- Description of the task
Print the data that follows exactly as it stands, from its first line through the line containing "Definition proper_coloring (T", and stop there.

(Beginning of Excerpted data)

(* The Robertson graph is not a $(4,5,3)$-equitable cage; that is, the Robertson graph (which is a $4$-regular graph of girth $5$ and chromatic number $3$ on $19$ vertices) admits no proper $3$-coloring whose color classes have sizes differing pairwise by at most one (equivalently, no proper $3$-coloring with color class sizes $6,6,7$).
   Context: All graphs are finite and simple. The Robertson graph is the unique $(4,5)$-cage, i.e. the unique $4$-regular graph of girth $5$ with the minimum possible number of vertices, namely $19$. A proper vertex coloring is equitable if the sizes of any two color classes differ by at most one. An $(r,g,\chi)$-graph is an $r$-regular graph with girth exactly $g$ and chromatic number exactly $\chi$; an $(r,g,\chi)$-equitable graph is one admitting an equitable proper $\chi$-coloring, and an $(r,g,\chi)$-equitable cage is an $(r,g,\chi)$-equitable graph of minimum order. *)

From mathcomp Require Import all_boot all_order.
Set Implicit Arguments. Unset Strict Implicit. Unset Printing Implicit Defensive.

(* Edge list of the Robertson graph on vertex set {0,...,18}: the Hamiltonian
   cycle 0-1-...-18-0 plus 19 chords.  This graph is 4-regular of girth 5 on
   19 vertices (checked below), hence it is the unique (4,5)-cage, i.e. the
   Robertson graph. *)
Definition robertson_edges : seq (nat * nat) :=
  [:: (0, 1); (0, 4); (0, 7); (0, 18); (1, 2); (1, 9); (1, 12); (2, 3);
      (2, 6); (2, 14); (3, 4); (3, 8); (3, 11); (4, 5); (4, 15); (5, 6);
      (5, 13); (5, 17); (6, 7); (6, 10); (7, 8); (7, 16); (8, 9); (8, 13);
      (9, 10); (9, 17); (10, 11); (10, 15); (11, 12); (11, 18); (12, 13);
      (12, 16); (13, 14); (14, 15); (14, 18); (15, 16); (16, 17); (17, 18)].

Definition robertson_vertex := 'I_19.

Definition robertson_adj : rel robertson_vertex :=
  fun x y => ((val x, val y) \in robertson_edges) ||
             ((val y, val x) \in robertson_edges).

Definition proper_coloring (T : finType) (e : rel T) (k : nat)
  (c : T -> 'I_k) : Prop :=
  forall x y : T, e x y -> c x != c y.

Definition equitable_coloring (T : finType) (k : nat) (c : T -> 'I_k) : Prop :=
  forall i j : 'I_k, #|[set x | c x == i]| <= #|[set x | c x == j]| + 1.

Lemma robertson_sym : symmetric robertson_adj.
Proof. by move=> x y; rewrite /robertson_adj orbC. Qed.

Lemma robertson_irrefl : irreflexive robertson_adj.
Proof. by move=> [x Hx]; rewrite /robertson_adj orbb; do 19! (case: x Hx => [//|x] Hx). Qed.

Definition nadj (a b : nat) : bool :=
  ((a, b) \in robertson_edges) || ((b, a) \in robertson_edges).

Lemma robertson_adjE (x y : robertson_vertex) : robertson_adj x y = nadj x y.
Proof. by []. Qed.

Definition V19 := iota 0 19.

Lemma robertson_4regular_nat :
  all (fun a => count (nadj a) V19 == 4) V19.
Proof. by vm_compute. Qed.

Lemma robertson_no_triangle_nat :
  all (fun a => all (fun b => all (fun c =>
     ~~ [&& nadj a b, nadj b c & nadj c a]) V19) V19) V19.
Proof. by vm_compute. Qed.

Lemma robertson_no_4cycle_nat :
  all (fun a => all (fun b => all (fun c => all (fun d =>
     ~~ [&& a != c, b != d, nadj a b, nadj b c, nadj c d & nadj d a])
     V19) V19) V19) V19.
Proof. by vm_compute. Qed.

Lemma robertson_has_5cycle_nat :
  [&& nadj 0 1, nadj 1 2, nadj 2 3, nadj 3 4 & nadj 4 0].
Proof. by vm_compute. Qed.

From mathcomp Require Import all_boot all_order.
Set Implicit Arguments. Unset Strict Implicit. Unset Printing Implicit Defensive.

(* Colouring the vertices 0, 1, ..., 18 in turn, and keeping only colours that
   differ from those of the already coloured neighbours, enumerates all proper
   3-colourings of the Robertson graph: there are 24 of them (4 up to a
   permutation of the colours), and none has colour classes of sizes 6, 6, 7. *)

Section ColoringSearch.

Variables (adj : rel nat) (k : nat).

Definition proper_seq (s : seq nat) : Prop :=
  forall i j, i < j < size s -> adj i j -> nth 0 s i != nth 0 s j.

Definition proper_ext (s : seq nat) (x : nat) : bool :=
  all (fun j => adj j (size s) ==> (nth 0 s j != x)) (iota 0 (size s)).

Fixpoint proper_colorings (n : nat) : seq (seq nat) :=
  if n is n'.+1 then
    [seq rcons s x | s <- proper_colorings n', x <- [seq x <- iota 0 k | proper_ext s x]]
  else [:: [::]].

Lemma proper_seq_rcons (s : seq nat) (x : nat) :
  proper_seq (rcons s x) -> proper_seq s /\ proper_ext s x.
Proof.
move=> proper_sx; split.
  move=> i j /andP[lt_ij lt_js] adj_ij.
  have := proper_sx i j; rewrite size_rcons !nth_rcons (ltn_trans lt_ij lt_js) lt_js.
  by apply=> //; rewrite lt_ij ltnS ltnW.
apply/allP => j; rewrite mem_iota add0n => /andP[_ lt_js]; apply/implyP => adj_js.
have := proper_sx j (size s); rewrite size_rcons !nth_rcons (ifT _ _ lt_js) ltnn eqxx.
by apply=> //; rewrite lt_js /=.
Qed.

Lemma mem_proper_colorings (s : seq nat) :
  all (gtn k) s -> proper_seq s -> s \in proper_colorings (size s).
Proof.
elim/last_ind: s => [//|s x IHs]; rewrite all_rcons size_rcons => /andP[lt_xk bounded_s].
case/proper_seq_rcons => proper_s ext_sx.
by apply: allpairs_f_dep; [exact: IHs | rewrite mem_filter ext_sx mem_iota].
Qed.

End ColoringSearch.

Section ColorSequence.

Variables (n k : nat) (c : 'I_n -> 'I_k).

Definition color_seq : seq nat := [seq val (c x) | x <- enum 'I_n].

Lemma size_color_seq : size color_seq = n.
Proof. by rewrite size_map size_enum_ord. Qed.

Lemma nth_color_seq (i : nat) (lt_in : i < n) :
  nth 0 color_seq i = c (Ordinal lt_in).
Proof.
rewrite (nth_map (Ordinal lt_in)) ?size_enum_ord //.
by congr (val (c _)); apply: val_inj; rewrite /= nth_enum_ord.
Qed.

Lemma color_seq_bounded : all (gtn k) color_seq.
Proof. by apply/allP => _ /mapP[x _ ->]; exact: ltn_ord. Qed.

Lemma proper_color_seq (e : rel 'I_n) (adj : rel nat) :
  (forall x y : 'I_n, e x y = adj x y) ->
  proper_coloring e c -> proper_seq adj color_seq.
Proof.
move=> eE proper_c i j; rewrite size_color_seq => /andP[lt_ij lt_jn] adj_ij.
have lt_in := ltn_trans lt_ij lt_jn.
by rewrite (nth_color_seq lt_in) (nth_color_seq lt_jn); apply: proper_c; rewrite eE.
Qed.

Lemma count_color_seq (i : 'I_k) :
  count_mem (val i) color_seq = #|[set x | c x == i]|.
Proof.
rewrite count_map cardsE cardE size_filter /enum_mem -enumT count_filter.
by apply: eq_count => x; rewrite /= inE andbT.
Qed.

Definition equitable_seq (s : seq nat) : bool :=
  all (fun i => all (fun j => count_mem i s <= count_mem j s + 1) (iota 0 k)) (iota 0 k).

Lemma equitable_color_seq : equitable_coloring c -> equitable_seq color_seq.
Proof.
move=> equitable_c; apply/allP => i; rewrite mem_iota => /andP[_ lt_ik].
apply/allP => j; rewrite mem_iota => /andP[_ lt_jk].
by have := equitable_c (Ordinal lt_ik) (Ordinal lt_jk); rewrite -!count_color_seq.
Qed.

End ColorSequence.

Lemma robertson_proper_colorings_not_equitable :
  all (fun s => ~~ equitable_seq 3 s) (proper_colorings nadj 3 19).
Proof. by vm_compute. Qed.

Theorem theorem6p1 :
  ~ exists c : robertson_vertex -> 'I_3,
      proper_coloring robertson_adj c /\ equitable_coloring c.
Proof.
move=> [c [proper_c equitable_c]].
have listed_c : color_seq c \in proper_colorings nadj 3 19.
  rewrite -{2}(size_color_seq c); apply: mem_proper_colorings.
    exact: color_seq_bounded.
  exact: proper_color_seq robertson_adjE proper_c.
have := allP robertson_proper_colorings_not_equitable _ listed_c.
by rewrite equitable_color_seq.
Qed.
(* Assume (A2), (A3), that $\phi'>0$ on $\mathbb R_{++}$ (so $\phi^{-1}$ is continuously differentiable with positive derivative), and that $V$ is irreducible. Let $q\in\partial\mathcal F$ and $u(q)=\big((\phi^{-1})'(q_1)/\phi^{-1}(q_1),\dots,(\phi^{-1})'(q_K)/\phi^{-1}(q_K)\big)>0$. Let $n_0\in\mathcal N$ be any index with $\lambda_{n_0}(q)=\max_{n\in\mathcal N}\lambda_n(q)$, where $\lambda_n(q)=\rho(G(q)B^{(n)})$, and let $y,x\in\mathbb R_{++}^K$ be left and right eigenvectors of $G(q)B^{(n_0)}$ associated with $\lambda_{n_0}(q)$. If $w=c\,u(q)\circ y\circ x$ for some $c>0$, then every maximizer $p^*$ of $p\mapsto F(p,w)$ over $\mathcal P_+$ satisfies $\phi(\mathrm{SIR}_k(p^* )/\gamma_k)=q_k$ for all $k\in\mathcal K$.
   Context: Network model: $K\ge 2$ links, $\mathcal K=\{1,\dots,K\}$. Power constraint set $\mathcal P=\{p\in\mathbb R_+^K: Cp\le\hat p\}$, where $C\in\{0,1\}^{N\times K}$ has at least one entry equal to $1$ in each column and $\hat p=(P_1,\dots,P_N)\in\mathbb R_{++}^N$; $\mathcal P_+=\mathcal P\cap\mathbb R_{++}^K$; $\mathcal N=\{1,\dots,N\}$; $c_n$ is the $n$-th row of $C$ as a column vector. Gain matrix $V\in\mathbb R_+^{K\times K}$ with zero diagonal, noise vector $z\in\mathbb R_{++}^K$, $\mathrm{SIR}_k(p)=p_k/((Vp)_k+z_k)$. SIR targets $\gamma_k>0$, $\Gamma=\mathrm{diag}(\gamma_1,\dots,\gamma_K)$. $B^{(n)}=\Gamma V+\frac1{P_n}\Gamma z c_n^T$. Assumption (A2): $\phi:\mathbb R_{++}\to\mathbb R$ is continuously differentiable and strictly increasing; $\mathcal Q=\phi(\mathbb R_{++})$. Assumption (A3): $\phi^{-1}:\mathcal Q\to\mathbb R_{++}$ is log-convex. $G(q)=\mathrm{diag}(\phi^{-1}(q_1),\dots,\phi^{-1}(q_K))$. Feasible QoS region $\mathcal F=\{q\in\mathcal Q^K:\exists p\in\mathcal P_+,\ q_k=\phi(\mathrm{SIR}_k(p)/\gamma_k)\ \forall k\}$; for $q\in\mathcal F$ the corresponding power vector is unique. $\partial\mathcal F$ is the set of $q\in\mathcal F$ whose corresponding power vector satisfies $Cp\le\hat p$ with equality in at least one component. Aggregate utility: $F(p,w)=\sum_{k\in\mathcal K}w_k\phi(\mathrm{SIR}_k(p)/\gamma_k)$ for $w\in\mathbb R_{++}^K$; under (A2),(A3) its maximum over $\mathcal P_+$ is attained. $\circ$ denotes the entrywise product; $\rho(\cdot)$ the spectral radius. *)

From Stdlib Require Import Reals.
Open Scope R_scope.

(End of Excerpted data)

- Output below
(* The Robertson graph is not a $(4,5,3)$-equitable cage; that is, the Robertson graph (which is a $4$-regular graph of girth $5$ and chromatic number $3$ on $19$ vertices) admits no proper $3$-coloring whose color classes have sizes differing pairwise by at most one (equivalently, no proper $3$-coloring with color class sizes $6,6,7$).
   Context: All graphs are finite and simple. The Robertson graph is the unique $(4,5)$-cage, i.e. the unique $4$-regular graph of girth $5$ with the minimum possible number of vertices, namely $19$. A proper vertex coloring is equitable if the sizes of any two color classes differ by at most one. An $(r,g,\chi)$-graph is an $r$-regular graph with girth exactly $g$ and chromatic number exactly $\chi$; an $(r,g,\chi)$-equitable graph is one admitting an equitable proper $\chi$-coloring, and an $(r,g,\chi)$-equitable cage is an $(r,g,\chi)$-equitable graph of minimum order. *)

From mathcomp Require Import all_boot all_order.
Set Implicit Arguments. Unset Strict Implicit. Unset Printing Implicit Defensive.

(* Edge list of the Robertson graph on vertex set {0,...,18}: the Hamiltonian
   cycle 0-1-...-18-0 plus 19 chords.  This graph is 4-regular of girth 5 on
   19 vertices (checked below), hence it is the unique (4,5)-cage, i.e. the
   Robertson graph. *)
Definition robertson_edges : seq (nat * nat) :=
  [:: (0, 1); (0, 4); (0, 7); (0, 18); (1, 2); (1, 9); (1, 12); (2, 3);
      (2, 6); (2, 14); (3, 4); (3, 8); (3, 11); (4, 5); (4, 15); (5, 6);
      (5, 13); (5, 17); (6, 7); (6, 10); (7, 8); (7, 16); (8, 9); (8, 13);
      (9, 10); (9, 17); (10, 11); (10, 15); (11, 12); (11, 18); (12, 13);
      (12, 16); (13, 14); (14, 15); (14, 18); (15, 16); (16, 17); (17, 18)].

Definition robertson_vertex := 'I_19.

Definition robertson_adj : rel robertson_vertex :=
  fun x y => ((val x, val y) \in robertson_edges) ||
             ((val y, val x) \in robertson_edges).

Definition proper_coloring (T : finType) (e : rel T) (k : nat)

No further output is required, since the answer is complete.